> **Exercise aim**
Scan each line of the records for the word "sumrB" and extract the ones that have it.

───── Supplied records

(* Let $V$ be a finite set and $\{\eta(t),t\ge0\}$ a consistent configuration process on $\Omega$. Then for all $\eta,\xi\in\Omega$ with $1\le|\xi|<|\eta|$ and all $t\ge0$, $$\mathbb E_\eta[F(\xi,\eta(t))]=\frac{1}{|\eta|-|\xi|}\sum_{i\in V}\eta_i\,\mathbb E_{\eta-\delta_i}[F(\xi,\eta(t))].$$
   Context: $\Lambda\subseteq\mathbb N_0$, $\Omega=\{\eta\in\Lambda^V:|\eta|<\infty\}$ with $|\eta|=\sum_x\eta_x$; $\delta_z$ is the configuration with one particle at $z$. $F(\xi,\eta):=\prod_{j\in V}\binom{\eta_j}{\xi_j}$ (with $\binom{a}{b}=0$ for $b>a$). A configuration process is a particle-number-conserving Markov process on $\Omega$ with generator $\mathcal L$; $\mathbb E_\eta$ is expectation started from $\eta$. It is consistent if $[\mathcal L,\mathcal A]=0$, where $\mathcal Af(\eta)=\sum_{x\in V}\eta_xf(\eta-\delta_x)$ (terms with $\eta_x=0$ vanish). *)

From HB Require Import structures.
From mathcomp Require Import all_boot all_order all_algebra.
From mathcomp Require Import all_classical all_reals.
From mathcomp Require Import topology normedtype derive.
Import numFieldNormedType.Exports.
Set Implicit Arguments. Unset Strict Implicit. Unset Printing Implicit Defensive.
Import Order.TTheory GRing.Theory Num.Theory.
Local Open Scope ring_scope.

Definition Conf (V : finType) := {ffun V -> nat}.

Definition csize (V : finType) (eta : Conf V) : nat := (\sum_(x : V) eta x)%N.

(* eta in Omega = Lambda^V (finiteness of |eta| is automatic as V is finite) *)
Definition inOmega (V : finType) (Lam : pred nat) (eta : Conf V) : bool :=
  [forall x, Lam (eta x)].

(* eta - delta_z (truncated; only used when eta_z > 0 or with coefficient eta_z = 0) *)
Definition conf_sub (V : finType) (eta : Conf V) (z : V) : Conf V :=
  [ffun x => (eta x - (x == z))%N].

Definition Fdual (V : finType) (xi eta : Conf V) : nat :=
  (\prod_(j : V) 'C(eta j, xi j))%N.

Definition conf_of (V : finType) (n : nat) (g : {ffun V -> 'I_n.+1}) : Conf V :=
  [ffun x => nat_of_ord (g x)].

(* sum of G over all configurations eta' with |eta'| = n (each counted once) *)
Definition level_sum (R : realType) (V : finType) (n : nat) (G : Conf V -> R) : R :=
  \sum_(g : {ffun V -> 'I_n.+1} | csize (conf_of g) == n) G (conf_of g).

Definition gen (R : realType) (V : finType) (c : Conf V -> Conf V -> R)
  (f : Conf V -> R) (eta : Conf V) : R :=
  level_sum (csize eta) (fun eta' => c eta eta' * (f eta' - f eta)).

Definition opA (R : realType) (V : finType) (f : Conf V -> R) (eta : Conf V) : R :=
  \sum_(x : V) (eta x)%:R * f (conf_sub eta x).

(* Lambda is downward closed, so that eta - delta_x stays in Omega *)
Definition down_closed (Lam : pred nat) : Prop := forall n, Lam n.+1 -> Lam n.

(* Valid jump rates of a configuration process on Omega:
   nonnegative off-diagonal rates, no jumps leaving Omega.  (Conservation of the
   particle number is built into [gen], which only sums over the same level.) *)
Definition valid_rates (R : realType) (V : finType) (Lam : pred nat)
  (c : Conf V -> Conf V -> R) : Prop :=
  (forall eta eta', eta != eta' -> 0 <= c eta eta') /\
  (forall eta eta', inOmega Lam eta -> ~~ inOmega Lam eta' -> c eta eta' = 0).

(* P t eta eta' = P_eta(eta(t) = eta') is the transition function of the Markov
   process with generator [gen c]: the solution of Kolmogorov's backward equation
   d/dt P_t = L P_t with P_0 = Id (on each finite level this is P_t = exp(tL)). *)
Definition transition_function (R : realType) (V : finType) (Lam : pred nat)
  (c : Conf V -> Conf V -> R) (P : R -> Conf V -> Conf V -> R) : Prop :=
  (forall eta eta', P 0 eta eta' = (eta == eta')%:R) /\
  (forall eta eta' (t : R), inOmega Lam eta ->
     is_derive (t : R^o) (1 : R^o) (fun s : R^o => (P s eta eta' : R^o)) (gen c (fun e => P t e eta') eta)).

Definition Expect (R : realType) (V : finType) (P : R -> Conf V -> Conf V -> R)
  (t : R) (eta : Conf V) (f : Conf V -> R) : R :=
  level_sum (csize eta) (fun eta' => P t eta eta' * f eta').

Definition consistent (R : realType) (V : finType) (Lam : pred nat)
  (c : Conf V -> Conf V -> R) : Prop :=
  forall (f : Conf V -> R) eta, inOmega Lam eta ->
    gen c (opA f) eta = opA (gen c f) eta.

(* Consistency [L A = A L] makes u(t, e) = E_e[A f(eta(t))] and
   v(t, e) = (A E_.[f(eta(t))])(e) two solutions of the backward equation
   d/dt w = L w with the same initial value A f.  They coincide because, on the
   finite level of e, the energy sum (u - v)^2 obeys a linear Gronwall
   inequality.  For f = F(xi, .) one has A f = (|e| - |xi|) f, hence
   E_eta[A f] = (|eta| - |xi|) E_eta[f]. *)

From HB Require Import structures.
From mathcomp Require Import all_boot all_order all_algebra.
From mathcomp Require Import all_classical all_reals.
From mathcomp Require Import topology normedtype derive realfun sequences exp.
From mathcomp Require Import ring lra.
Import Order.TTheory GRing.Theory Num.Theory.
Import numFieldNormedType.Exports.
Local Open Scope ring_scope.

Set Implicit Arguments.
Unset Strict Implicit.

Lemma is_derive_sum_seq (R : numFieldType) (U W : normedModType R) (I : Type)
    (r : seq I) (P : pred I) (F : I -> U -> W) (dF : I -> W) (x v : U) :
  (forall i, P i -> is_derive x v (F i) (dF i)) ->
  is_derive x v (fun y => \sum_(i <- r | P i) F i y) (\sum_(i <- r | P i) dF i).
Proof.
move=> dF_i; rewrite -fct_sumE.
elim/big_rec2: _ => [|i f df Pi]; first exact: is_derive_cst.
exact: is_deriveD (dF_i i Pi).
Qed.

Lemma gronwall_le0 (R : realType) (phi dphi : R -> R) (K : R) :
  (forall s : R, is_derive (s : R^o) 1 (phi : R^o -> R^o) (dphi s)) ->
  (forall s, dphi s <= K * phi s) -> phi 0 <= 0 ->
  forall t, 0 <= t -> phi t <= 0.
Proof.
move=> phi_der dphi_le phi0 t t0.
pose psi s := expR (- (K * s)) * phi s.
have psi_der s : is_derive (s : R^o) 1 (psi : R^o -> R^o)
    (expR (- (K * s)) * (dphi s - K * phi s)).
  have exp_der : is_derive (s : R^o) 1 (fun u : R^o => expR (- (K * u)) : R^o)
      (expR (- (K * s)) * - K).
    have lin_der : is_derive (s : R^o) 1 (fun u : R^o => - (K * u) : R^o) (- K).
      by have := is_deriveN (is_deriveZ K (@is_derive_id _ R^o s 1));
        rewrite /GRing.scale /= mulr1.
    exact: (is_derive1_comp (is_derive_expR _) lin_der).
  apply: is_derive_eq (is_deriveM exp_der (phi_der s)) _.
  rewrite /GRing.scale /=; ring.
have psi_le : psi t <= psi 0.
  apply: (@ler0_derive1_le_cc _ psi 0 t) => //; rewrite ?in_itv /= ?lexx ?t0 //.
  - move=> x _; rewrite derive1E; case: (psi_der x) => _ ->.
    by rewrite mulr_ge0_le0 ?expR_ge0 // subr_le0.
  - by apply: derivable_within_continuous => x _; case: (psi_der x).
rewrite -(pmulr_rle0 _ (expR_gt0 (- (K * t)))) (le_trans psi_le) //.
by rewrite /psi mulr0 oppr0 expR0 mul1r.
Qed.

Lemma le_cross_term (R : realDomainType) (a b k phi : R) :
  a ^+ 2 <= phi -> b ^+ 2 <= phi -> 2 * a * k * (b - a) <= 4 * `|k| * phi.
Proof.
move=> a2_le b2_le.
have cross_le : `|2 * a * (b - a)| <= 4 * phi.
  by rewrite ler_norml; apply/andP; split; nra.
have -> : 2 * a * k * (b - a) = k * (2 * a * (b - a)) by ring.
have -> : 4 * `|k| * phi = `|k| * (4 * phi) by ring.
by rewrite (le_trans (ler_norm _)) // normrM ler_wpM2l.
Qed.

Section Fdual.
Variable V : finType.

Lemma mul_Fdual_conf_sub (xi e : Conf V) x :
  (e x * Fdual xi (conf_sub e x) = (e x - xi x) * Fdual xi e)%N.
Proof.
rewrite /Fdual (bigD1 x) //= [in RHS](bigD1 x) //= ffunE eqxx subn1.
rewrite mulnA mul_bin_down -mulnA; congr (_ * (_ * _))%N.
by apply: eq_bigr => j /negbTE jx; rewrite ffunE jx subn0.
Qed.

Lemma sum_mul_Fdual_conf_sub (xi e : Conf V) :
  (\sum_x e x * Fdual xi (conf_sub e x) = (csize e - csize xi) * Fdual xi e)%N.
Proof.
under eq_bigr do rewrite mul_Fdual_conf_sub.
rewrite -big_distrl /=.
have [/forallP xi_le_e | /forallPn [x xi_gt_e]] := boolP [forall x, xi x <= e x]%N.
  by rewrite /csize sumnB.
suff -> : Fdual xi e = 0%N by rewrite !muln0.
by rewrite /Fdual (bigD1 x) //= bin_small ?mul0n // ltnNge.
Qed.

Lemma opA_Fdual (R : realType) (xi e : Conf V) :
  opA (fun z => (Fdual xi z)%:R : R) e = (csize e - csize xi)%N%:R * (Fdual xi e)%:R.
Proof.
by rewrite /opA -natrM -sum_mul_Fdual_conf_sub natr_sum; under eq_bigr do rewrite natrM.
Qed.

End Fdual.

Section LevelSum.
Variable V : finType.

Definition ord_conf n (e : Conf V) : {ffun V -> 'I_n.+1} := [ffun x => inord (e x)].

Lemma conf_le_csize (e : Conf V) x : (e x <= csize e)%N.
Proof. by rewrite /csize (bigD1 x) //= leq_addr. Qed.

Lemma ord_confK n (e : Conf V) : csize e = n -> conf_of (ord_conf n e) = e.
Proof.
by move=> <-; apply/ffunP => x; rewrite !ffunE inordK // ltnS conf_le_csize.
Qed.

Lemma conf_of_inj n : injective (@conf_of V n).
Proof.
move=> g h /ffunP gh; apply/ffunP => x; apply/val_inj.
by have := gh x; rewrite !ffunE.
Qed.

Lemma level_sum_delta (R : realType) n (f : Conf V -> R) (e : Conf V) :
  csize e = n -> level_sum n (fun e' => (e == e')%:R * f e') = f e.
Proof.
move=> e_n; rewrite /level_sum (bigD1 (ord_conf n e)) /=; last by rewrite ord_confK ?e_n.
rewrite ord_confK // eqxx mul1r big1 ?addr0 // => g /andP[_ g_neq].
have [e_g|] := eqVneq e (conf_of g); last by rewrite mul0r.
suff g_e : g = ord_conf n e by rewrite g_e eqxx in g_neq.
by apply: (@conf_of_inj n); rewrite ord_confK.
Qed.

End LevelSum.

Section Backward.
Variables (R : realType) (V : finType) (Lam : pred nat).
Variables (c : Conf V -> Conf V -> R) (P : R -> Conf V -> Conf V -> R).

Lemma genB (f g : Conf V -> R) e :
  gen c (fun z => f z - g z) e = gen c f e - gen c g e.
Proof. by rewrite /gen /level_sum -sumrB; apply: eq_bigr => h _; ring. Qed.

Lemma level_sum_gen_mulr (f : Conf V -> R) t e :
  level_sum (csize e) (fun y => gen c (fun z => P t z y) e * f y)
  = gen c (fun z => Expect P t z f) e.
Proof.
rewrite /gen /Expect /level_sum.
under eq_bigr do rewrite mulr_suml.
rewrite exchange_big; apply: eq_bigr => z /eqP ->.
by rewrite -sumrB mulr_sumr; apply: eq_bigr => y _; ring.
Qed.

Hypothesis P_tf : transition_function Lam c P.

Lemma Expect_at0 f e : Expect P 0 e f = f e.
Proof.
rewrite -(level_sum_delta f (erefl (csize e))) /Expect.
by apply: eq_bigr => g _; rewrite P_tf.1.
Qed.

Lemma is_derive_Expect f e t : inOmega Lam e ->
  is_derive (t : R^o) 1 (fun s : R^o => Expect P s e f : R^o)
    (gen c (fun z => Expect P t z f) e).
Proof.
move=> eO; rewrite -level_sum_gen_mulr.
apply: is_derive_sum_seq => g _.
apply: is_derive_eq (is_deriveM (P_tf.2 _ (conf_of g) t eO) (is_derive_cst _ _ _)) _.
by rewrite /GRing.scale /= mulr0 add0r mulrC.
Qed.

End Backward.

Section Uniqueness.
Variables (R : realType) (V : finType) (Lam : pred nat) (c : Conf V -> Conf V -> R).
Hypothesis c_closed :
  forall e e', inOmega Lam e -> ~~ inOmega Lam e' -> c e e' = 0.

Definition omega_level n : pred {ffun V -> 'I_n.+1} :=
  fun g => (csize (conf_of g) == n) && inOmega Lam (conf_of g).

Lemma gen_omega_level n (f : Conf V -> R) (g : {ffun V -> 'I_n.+1}) :
  omega_level g ->
  gen c f (conf_of g) =
  \sum_(h : {ffun V -> 'I_n.+1} | omega_level h)
     c (conf_of g) (conf_of h) * (f (conf_of h) - f (conf_of g)).
Proof.
move=> /andP[/eqP g_n gO]; rewrite /gen g_n /level_sum.
rewrite (bigID (fun h => inOmega Lam (conf_of h))) /= [X in _ + X]big1 ?addr0 //.
by move=> h /andP[_ hO]; rewrite c_closed ?mul0r.
Qed.

Lemma backward_eq_uniq (D : R -> Conf V -> R) :
  (forall e t, inOmega Lam e ->
     is_derive (t : R^o) 1 (fun s : R^o => D s e : R^o) (gen c (D t) e)) ->
  (forall e, inOmega Lam e -> D 0 e = 0) ->
  forall t e, 0 <= t -> inOmega Lam e -> D t e = 0.
Proof.
move=> D_der D0 t e t0 eO.
pose Q := @omega_level (csize e).
pose phi s := \sum_(g | Q g) D s (conf_of g) ^+ 2.
pose dphi s := \sum_(g | Q g) 2 * D s (conf_of g) * gen c (D s) (conf_of g).
pose K := 4 * \sum_(g | Q g) \sum_(h | Q h) `|c (conf_of g) (conf_of h)|.
have sqr_le_phi s g : Q g -> D s (conf_of g) ^+ 2 <= phi s.
  move=> Qg; rewrite /phi (bigD1 g) //= lerDl.
  by apply: sumr_ge0 => h _; rewrite sqr_ge0.
have phi_der s : is_derive (s : R^o) 1 (phi : R^o -> R^o) (dphi s).
  apply: is_derive_sum_seq => g /andP[_ gO].
  apply: is_derive_eq (is_deriveM (D_der _ s gO) (D_der _ s gO)) _.
  by rewrite /GRing.scale /=; ring.
have dphi_le s : dphi s <= K * phi s.
  rewrite /dphi /K -mulrA mulr_suml mulr_sumr; apply: ler_sum => g Qg.
  rewrite gen_omega_level // mulr_sumr mulr_suml mulr_sumr; apply: ler_sum => h Qh.
  rewrite !mulrA.
  exact: le_cross_term (sqr_le_phi s g Qg) (sqr_le_phi s h Qh).
have phi0 : phi 0 <= 0.
  by rewrite /phi big1 // => g /andP[_ gO]; rewrite D0 // expr0n.
have Qe : Q (ord_conf (csize e) e) by rewrite /Q /omega_level ord_confK ?eqxx.
have := le_trans (sqr_le_phi t _ Qe) (gronwall_le0 phi_der dphi_le phi0 t0).
rewrite ord_confK // => sqr_le0.
by apply/eqP; rewrite -sqrf_eq0 eq_le sqr_le0 sqr_ge0.
Qed.

End Uniqueness.

Lemma inOmega_conf_sub (V : finType) (Lam : pred nat) (e : Conf V) x :
  down_closed Lam -> inOmega Lam e -> inOmega Lam (conf_sub e x).
Proof.
move=> Lam_down /forallP eO; apply/forallP => y; rewrite ffunE.
have [_ | _] := eqVneq y x; last by rewrite subn0.
by have := eO y; case: (e y) => [|k] //= /Lam_down; rewrite subn1.
Qed.

Section Duality.
Variables (R : realType) (V : finType) (Lam : pred nat).
Variables (c : Conf V -> Conf V -> R) (P : R -> Conf V -> Conf V -> R).
Hypotheses (Lam_down : down_closed Lam) (c_valid : valid_rates Lam c).
Hypotheses (P_tf : transition_function Lam c P) (c_consistent : consistent Lam c).

Lemma Expect_opA f t e : 0 <= t -> inOmega Lam e ->
  Expect P t e (opA f) = opA (fun z => Expect P t z f) e.
Proof.
move=> t0 eO; apply/eqP; rewrite -subr_eq0; apply/eqP; move: t e t0 eO.
apply: (backward_eq_uniq c_valid.2) => [e s eO | e _].
  have opA_der : is_derive (s : R^o) 1
      (fun r : R^o => opA (fun z => Expect P r z f) e : R^o)
      (gen c (opA (fun z => Expect P s z f)) e).
    rewrite c_consistent // /opA; apply: is_derive_sum_seq => x _.
    have eO_x := inOmega_conf_sub x Lam_down eO.
    by have := is_deriveZ (e x)%:R (is_derive_Expect P_tf f s eO_x).
  by rewrite genB; exact: is_deriveB (is_derive_Expect P_tf _ s eO) opA_der.
apply/eqP; rewrite (Expect_at0 P_tf) subr_eq0; apply/eqP.
by apply: eq_bigr => x _; rewrite (Expect_at0 P_tf).
Qed.

Lemma Expect_opA_Fdual (xi : Conf V) t e :
  Expect P t e (opA (fun z => (Fdual xi z)%:R)) =
  (csize e - csize xi)%N%:R * Expect P t e (fun z => (Fdual xi z)%:R).
Proof.
rewrite /Expect /level_sum mulr_sumr; apply: eq_bigr => g /eqP g_e.
by rewrite opA_Fdual g_e mulrCA.
Qed.

End Duality.

Theorem proposition3p6 (R : realType) (V : finType) (Lam : pred nat)
  (c : Conf V -> Conf V -> R) (P : R -> Conf V -> Conf V -> R) :
  down_closed Lam ->
  valid_rates Lam c ->
  transition_function Lam c P ->
  consistent Lam c ->
  forall (eta xi : Conf V) (t : R),
    inOmega Lam eta -> inOmega Lam xi ->
    (1 <= csize xi)%N -> (csize xi < csize eta)%N -> 0 <= t ->
    Expect P t eta (fun e => (Fdual xi e)%:R)
    = ((csize eta - csize xi)%N%:R)^-1 *
      \sum_(i : V) (eta i)%:R * Expect P t (conf_sub eta i) (fun e => (Fdual xi e)%:R).
Proof.
move=> Lam_down c_valid P_tf c_consistent eta xi t etaO _ _ xi_lt_eta t0.
have := Expect_opA Lam_down c_valid P_tf c_consistent (fun e => (Fdual xi e)%:R) t0 etaO.
rewrite Expect_opA_Fdual /opA => <-.
by rewrite mulKf // pnatr_eq0 subn_eq0 -ltnNge.
Qed.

──────────

> **Exercise answer**
Proof. by rewrite /gen /level_sum -sumrB; apply: eq_bigr => h _; ring. Qed.
by rewrite -sumrB mulr_sumr; apply: eq_bigr => y _; ring.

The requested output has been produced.